In statistical mechanics, a canonical ensemble is the statistical ensemble that represents the possible states of a mechanical system in thermal equilibrium with a heat bath at a fixed temperature. The system can exchange energy with the heat bath, so that the states of the system will differ in total energy.

The principal thermodynamic variable of the canonical ensemble, determining the probability distribution of states, is the absolute temperature (symbol: T). The ensemble typically also depends on mechanical variables such as the number of particles in the system (symbol: N) and the system’s volume (symbol: V), each of which influence the nature of the system’s internal states. An ensemble with these three parameters is sometimes called the NVT ensemble.

1896

\[\pi(n) \sim \frac{n}{\log n}\]

In number theory, the prime number theorem (PNT) describes the asymptotic distribution of the prime numbers among the positive integers. It formalizes the intuitive idea that primes become less common as they become larger by precisely quantifying the rate at which this occurs. The theorem was proved independently by Jacques Hadamard and Charles Jean de la Vallée Poussin in 1896 using ideas introduced by Bernhard Riemann (in particular, the Riemann zeta function).

The first such distribution found is π(N) ~ N / log(N), where π(N) is the prime-counting function (the number of primes less than or equal to N) and log(N) is the natural logarithm of N. This means that for large enough N, the probability that a random integer not greater than N is prime is very close to 1 / log(N).
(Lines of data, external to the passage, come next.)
Lemma local_uniformizer_norm pi c :
  P pi -> pi * pi^* = (c * p)%:R -> ~~ (p %| c)%N -> exists s, local_uniformizer pi s.
Proof.
move=> Ppi norm_pi ndvd.
have c_gt0 : (0 < c)%N by rewrite lt0n; apply: contraNneq ndvd => ->; rewrite dvdn0.
have pi_neq0 : pi != 0.
  by rewrite -mul_conjC_eq0 norm_pi pnatr_eq0 muln_eq0 negb_or -!lt0n c_gt0 prime_gt0.
have [a [b ab]] : exists a b, (a * c = b * p + 1)%N.
  have cop : coprime c p by rewrite coprime_sym prime_coprime.
  by case: (egcdnP p c_gt0) => a b; rewrite (eqP cop) => ab _; exists a, b.
exists (a * c)%N; split=> //.
  by rewrite ab natrD addrK natrM; apply: P_mull (inO_nat _) Pp.
move=> x Px; exists (a%:R * (x * pi^* / p%:R)).
  exact: inO_mul (inO_nat _) (P_mul_conj_divp Px Ppi).
have -> : pi * (a%:R * (x * pi^* / p%:R)) = a%:R * x * (pi * pi^*) / p%:R by ring.
by rewrite norm_pi !natrM; field; apply: natr_p_neq0.
Qed.

Lemma local_uniformizer_exists : exists pi s, local_uniformizer pi s.
Proof.
have [p2_dvd_norm|[pi Ppi norm_pi]] :
    (forall x, P x -> x * x^* / p%:R ^+ 2 \in Num.int) \/
    exists2 pi, P pi & pi * pi^* / p%:R ^+ 2 \notin Num.int.
  case: (classic (exists2 pi, P pi & pi * pi^* / p%:R ^+ 2 \notin Num.int)) => [|npi].
    by right.
  by left=> x Px; apply/negPn/negP => nx; apply: npi; exists x.
by exists p%:R, 1%N; apply: local_uniformizer_p.
have dvd := P_dvdn (P_norm Ppi).
exists pi; apply: (@local_uniformizer_norm pi (normO pi %/ p)) => //.
  by rewrite divnK // normOE //; apply: P_inO.
apply: contra norm_pi => dvd2; rewrite -normOE; last exact: P_inO.
rewrite -(divnK dvd) -(divnK dvd2) -mulnA !natrM -expr2.
by rewrite mulfK ?expf_neq0 ?natr_p_neq0 ?natr_int.
Qed.

End ResidueCharacteristic.

Lemma prime_ideal_local_uniformizer :
  exists p pi s, [/\ prime p, P p%:R & local_uniformizer pi s].
Proof.
have [p p_prime Pp] := prime_ideal_has_prime.
by have [pi [s hu]] := local_uniformizer_exists p_prime Pp; exists p, pi, s.
Qed.

Lemma ipow_inO k x : ipow m P k x -> inO m x.
Proof.
elim=> [//|j|j y z _ oy _ oz|j a b Pa _ ob]; first exact: (inO_nat 0).
- exact: inO_add.
- exact: inO_mul (P_inO Pa) ob.
Qed.

Lemma ipow_mull k c x : inO m c -> ipow m P k x -> ipow m P k (c * x).
Proof.
move=> oc h; elim: h c oc => [y oy|j|j y z _ IHy _ IHz|j a b Pa hb _] c oc.
- exact/ipow_O/inO_mul.
- by rewrite mulr0; apply: ipow_0.
- by rewrite mulrDr; apply: ipow_add; [apply: IHy | apply: IHz].
- by rewrite mulrA; apply: ipow_mul hb; apply: P_mull oc Pa.
Qed.

Lemma ipow_pred k x : ipow m P k x -> ipow m P k.-1 x.
Proof.
elim=> [y oy|j|j y z _ hy _ hz|j a b Pa hb _] /=.
- exact: ipow_O.
- exact: ipow_0.
- exact: ipow_add.
- exact: ipow_mull (P_inO Pa) hb.
Qed.

Lemma ipow_le i j x : (j <= i)%N -> ipow m P i x -> ipow m P j x.
Proof.
move=> /subnK <-; elim: (i - j)%N => [//|k IH] h.
exact: IH (ipow_pred h).
Qed.

Lemma ipow_sub k x y : ipow m P k x -> ipow m P k y -> ipow m P k (x - y).
Proof.
move=> hx hy; apply: ipow_add hx _; rewrite -mulN1r.
by apply: ipow_mull hy; apply: (inO_int (-1)).
Qed.

Lemma ipow_P k x : (0 < k)%N -> ipow m P k x -> P x.
Proof.
move=> k_gt0 h; elim: h k_gt0 => [y oy|j|j y z _ hy _ hz|j a b Pa hb _] //.
- by move=> _; apply: P_0.
- by move=> k_gt0; apply: P_add; [apply: hy | apply: hz].
- by move=> _; apply: P_mulr (ipow_inO hb) Pa.
Qed.

Lemma ipow_exp k a y : P a -> inO m y -> ipow m P k (a ^+ k * y).
Proof.
move=> Pa oy; elim: k => [|k IH]; first by rewrite expr0 mul1r; apply: ipow_O.
by rewrite exprS -mulrA; apply: ipow_mul.
Qed.

Lemma ordO_rel_uniq y j1 j2 : ordO_rel m P y j1 -> ordO_rel m P y j2 -> j1 = j2.
Proof.
move=> [h1 n1] [h2 n2]; case: (ltngtP j1 j2) => // lt; exfalso.
- exact: n1 (ipow_le lt h2).
- exact: n2 (ipow_le lt h1).
Qed.

Lemma ordO_rel_add x y a b c : ordO_rel m P x a -> ordO_rel m P y b ->
  ordO_rel m P (x + y) c -> (minn a b <= c)%N.
Proof.
move=> [hx _] [hy _] [_ nc]; rewrite leqNgt; apply/negP => lt; apply: nc.
apply: ipow_le lt _; apply: ipow_add.
  exact: ipow_le (geq_minl _ _) hx.
exact: ipow_le (geq_minr _ _) hy.
Qed.

Section Uniformizer.

Variables (p : nat) (pi : algC) (s : nat).
Hypotheses (p_prime : prime p) (Pp : P p%:R) (hu : local_uniformizer pi s).

Let Ppi : P pi. Proof. by case: hu. Qed.
Let pi_neq0 : pi != 0. Proof. by case: hu. Qed.
Let Ps1 : P (s%:R - 1). Proof. by case: hu. Qed.
Let uniformize x : P x -> exists2 y, inO m y & s%:R * x = pi * y.
Proof. by case: hu => _ _ _; apply. Qed.

Lemma uniformizer_s_notin : ~ P s%:R.
Proof. by move=> Ps; apply: P_1; have := P_sub Ps Ps1; rewrite opprB addrC subrK. Qed.

Lemma P_expr_s_sub1 k : P (s%:R ^+ k - 1).
Proof.
elim: k => [|k IH]; first by rewrite expr0 subrr; apply: P_0.
have -> : s%:R ^+ k.+1 - 1 = s%:R * (s%:R ^+ k - 1) + (s%:R - 1) :> algC by rewrite exprS; ring.
by apply: P_add Ps1; apply: P_mull (inO_nat s) IH.
Qed.

Lemma ipow_uniformize k y : ipow m P k y -> exists2 z, inO m z & s%:R ^+ k * y = pi ^+ k * z.
Proof.
elim=> [x ox|j|j x z _ [x' ox' ex] _ [z' oz' ez]|j a b Pa _ [b' ob' eb]].
- by exists x; rewrite ?expr0 ?mul1r.
- by exists 0; rewrite ?mulr0 //; apply: (inO_nat 0).
- by exists (x' + z'); [apply: inO_add | rewrite !mulrDr ex ez].
- have [a' oa' ea] := uniformize Pa.
  exists (a' * b'); first exact: inO_mul.
  have -> : s%:R ^+ j.+1 * (a * b) = (s%:R * a) * (s%:R ^+ j * b) by rewrite exprS; ring.
  by rewrite ea eb exprS; ring.
Qed.

Lemma ordO_rel_uniformize k y y' : inO m y -> inO m y' -> ~ P y' ->
  s%:R ^+ k * y = pi ^+ k * y' -> ordO_rel m P y k.
Proof.
move=> oy oy' nPy' e; split.
  suff : forall i, (i <= k)%N -> ipow m P i y by apply.
  elim=> [|i IH] le_ik; first exact: ipow_O.
  have -> : y = s%:R ^+ k * y - (s%:R ^+ k - 1) * y by ring.
  apply: ipow_sub; first by rewrite e; apply: ipow_le le_ik _; apply: ipow_exp.
  by apply: ipow_mul (P_expr_s_sub1 k) (IH (ltnW le_ik)).
case/ipow_uniformize=> z oz ez.
have : pi ^+ k * (s%:R * y') = pi ^+ k * (pi * z).
  by rewrite mulrCA -e (mulrA s%:R) -exprS ez exprS; ring.
move/(mulfI (expf_neq0 k pi_neq0)) => e'.
have : P (s%:R * y') by rewrite e'; apply: P_mulr oz Ppi.
by case/P_prime=> //; [apply: inO_nat | move/uniformizer_s_notin].
Qed.

Lemma uniformizer_coprime : coprime p s.
Proof.
rewrite prime_coprime //; apply/negP => /dvdnP [k s_eq]; apply: uniformizer_s_notin.
by rewrite s_eq natrM; apply: P_mull (inO_nat k) Pp.
Qed.

Lemma uniformize_step y : inO m y -> y != 0 -> P y ->
  exists2 y1, [/\ inO m y1, y1 != 0 & s%:R * y = pi * y1]
            & (logn p (normO y1) < logn p (normO y))%N.
Proof.
move=> oy ny Py; have [y1 oy1 e] := uniformize Py.
have s_gt0 : (0 < s)%N.
  by rewrite lt0n; apply/eqP => s0; apply: uniformizer_s_notin; rewrite s0; apply: P_0.
have ny1 : y1 != 0.
  have s_neq0 : (s%:R : algC) != 0 by rewrite pnatr_eq0 -lt0n.
  by apply/eqP => y1_0; move: (mulf_neq0 s_neq0 ny); rewrite e y1_0 mulr0 eqxx.
exists y1 => //.
have opi := P_inO Ppi.
have lpi : (0 < logn p (normO pi))%N.
  by rewrite logn_gt0 mem_primes p_prime normO_gt0 // (P_dvdn p_prime Pp (P_norm Ppi)).
have normE : (s * s * normO y = normO pi * normO y1)%N.
  by rewrite -normO_nat -!normOM ?e //; apply: inO_nat.
have := congr1 (logn p) normE.
rewrite !lognM ?muln_gt0 ?s_gt0 ?normO_gt0 //.
by rewrite (logn_coprime uniformizer_coprime); lia.
Qed.

Lemma uniformize_factor y : inO m y -> y != 0 ->
  exists k y', [/\ inO m y', ~ P y' & s%:R ^+ k * y = pi ^+ k * y'].
Proof.
move: (leqnn (logn p (normO y))); move: {2}(logn p (normO y)) => t.
elim: t y => [|t IH] y le_t oy ny.
all: have [Py|nPy] := classic (P y); last by exists 0%N, y; rewrite !expr0 !mul1r.
  by have [y1 _ lt] := uniformize_step oy ny Py; move: (leq_trans lt le_t).
have [y1 [oy1 ny1 e] lt] := uniformize_step oy ny Py.
have [k [y' [oy' nPy' e']]] := IH y1 (leq_trans lt le_t) oy1 ny1.
exists k.+1, y'; split=> //.
by rewrite exprSr -mulrA e mulrCA e' exprS mulrA.
Qed.

End Uniformizer.

Lemma ordO_exists y : inO m y -> y != 0 -> exists k, ordO_rel m P y k.
Proof.
move=> oy ny; have [p [pi [s [p_prime Pp hu]]]] := prime_ideal_local_uniformizer.
have [k [y' [oy' nPy' e]]] := uniformize_factor p_prime Pp hu oy ny.
by exists k; exact: (ordO_rel_uniformize hu oy oy' nPy' e).
Qed.

Lemma ordO_relM y z j k : inO m y -> inO m z -> y != 0 -> z != 0 ->
  ordO_rel m P y j -> ordO_rel m P z k -> ordO_rel m P (y * z) (j + k).
Proof.
move=> oy oz ny nz hj hk.
have [p [pi [s [p_prime Pp hu]]]] := prime_ideal_local_uniformizer.
have [j' [y' [oy' nPy' ey]]] := uniformize_factor p_prime Pp hu oy ny.
have [k' [z' [oz' nPz' ez]]] := uniformize_factor p_prime Pp hu oz nz.
rewrite (ordO_rel_uniq hj (ordO_rel_uniformize hu oy oy' nPy' ey)).
rewrite (ordO_rel_uniq hk (ordO_rel_uniformize hu oz oz' nPz' ez)).
apply: (ordO_rel_uniformize hu (inO_mul oy oz) (inO_mul oy' oz')).
  by case/P_prime.
by rewrite !exprD mulrACA ey ez mulrACA.
Qed.

Lemma ord_rel_exists x : inK m x -> x != 0 -> exists k, ord_rel m P x k.
Proof.
move=> hx nx; have [d d_gt0 odx] := inK_den hx.
have nd : (d%:R : algC) != 0 by rewrite pnatr_eq0 -lt0n.
have [j1 h1] := ordO_exists odx (mulf_neq0 nd nx).
have [j2 h2] := ordO_exists (inO_nat d) nd.
by exists (j1%:Z - j2%:Z); split=> //; exists d, j1, j2.
Qed.

Lemma ord_rel_uniq x k1 k2 : ord_rel m P x k1 -> ord_rel m P x k2 -> k1 = k2.
Proof.
move=> [_ nx [d1 [j1 [j2 [d1_gt0 o1 r1 r2 ->]]]]].
move=> [_ _ [d2 [i1 [i2 [d2_gt0 o2 r1' r2' ->]]]]].
have nd1 : (d1%:R : algC) != 0 by rewrite pnatr_eq0 -lt0n.
have nd2 : (d2%:R : algC) != 0 by rewrite pnatr_eq0 -lt0n.
have := ordO_relM (inO_nat d2) o1 nd2 (mulf_neq0 nd1 nx) r2' r1.
have := ordO_relM (inO_nat d1) o2 nd1 (mulf_neq0 nd2 nx) r2 r1'.
by rewrite mulrCA => /ordO_rel_uniq h /h; lia.
Qed.

Lemma ordP x : inK m x -> x != 0 -> ord_rel m P x (ord m P x).
Proof.
by move=> hx nx; have [k hk] := ord_rel_exists hx nx; apply: epsilon_spec; exists k.
Qed.

Lemma ord_eq x k : ord_rel m P x k -> ord m P x = k.
Proof. by move=> hk; have [hx nx _] := hk; apply: ord_rel_uniq (ordP hx nx) hk. Qed.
Consequently, a random integer with at most 2n digits (for large enough n) is about half as likely to be prime as a random integer with at most n digits. For example, among the positive integers of at most 1000 digits, about one in 2300 is prime (log(101000) ≈ 2302.6), whereas among positive integers of at most 2000 digits, about one in 4600 is prime (log(102000) ≈ 4605.2). In other words, the average gap between consecutive prime numbers among the first N integers is roughly log(N).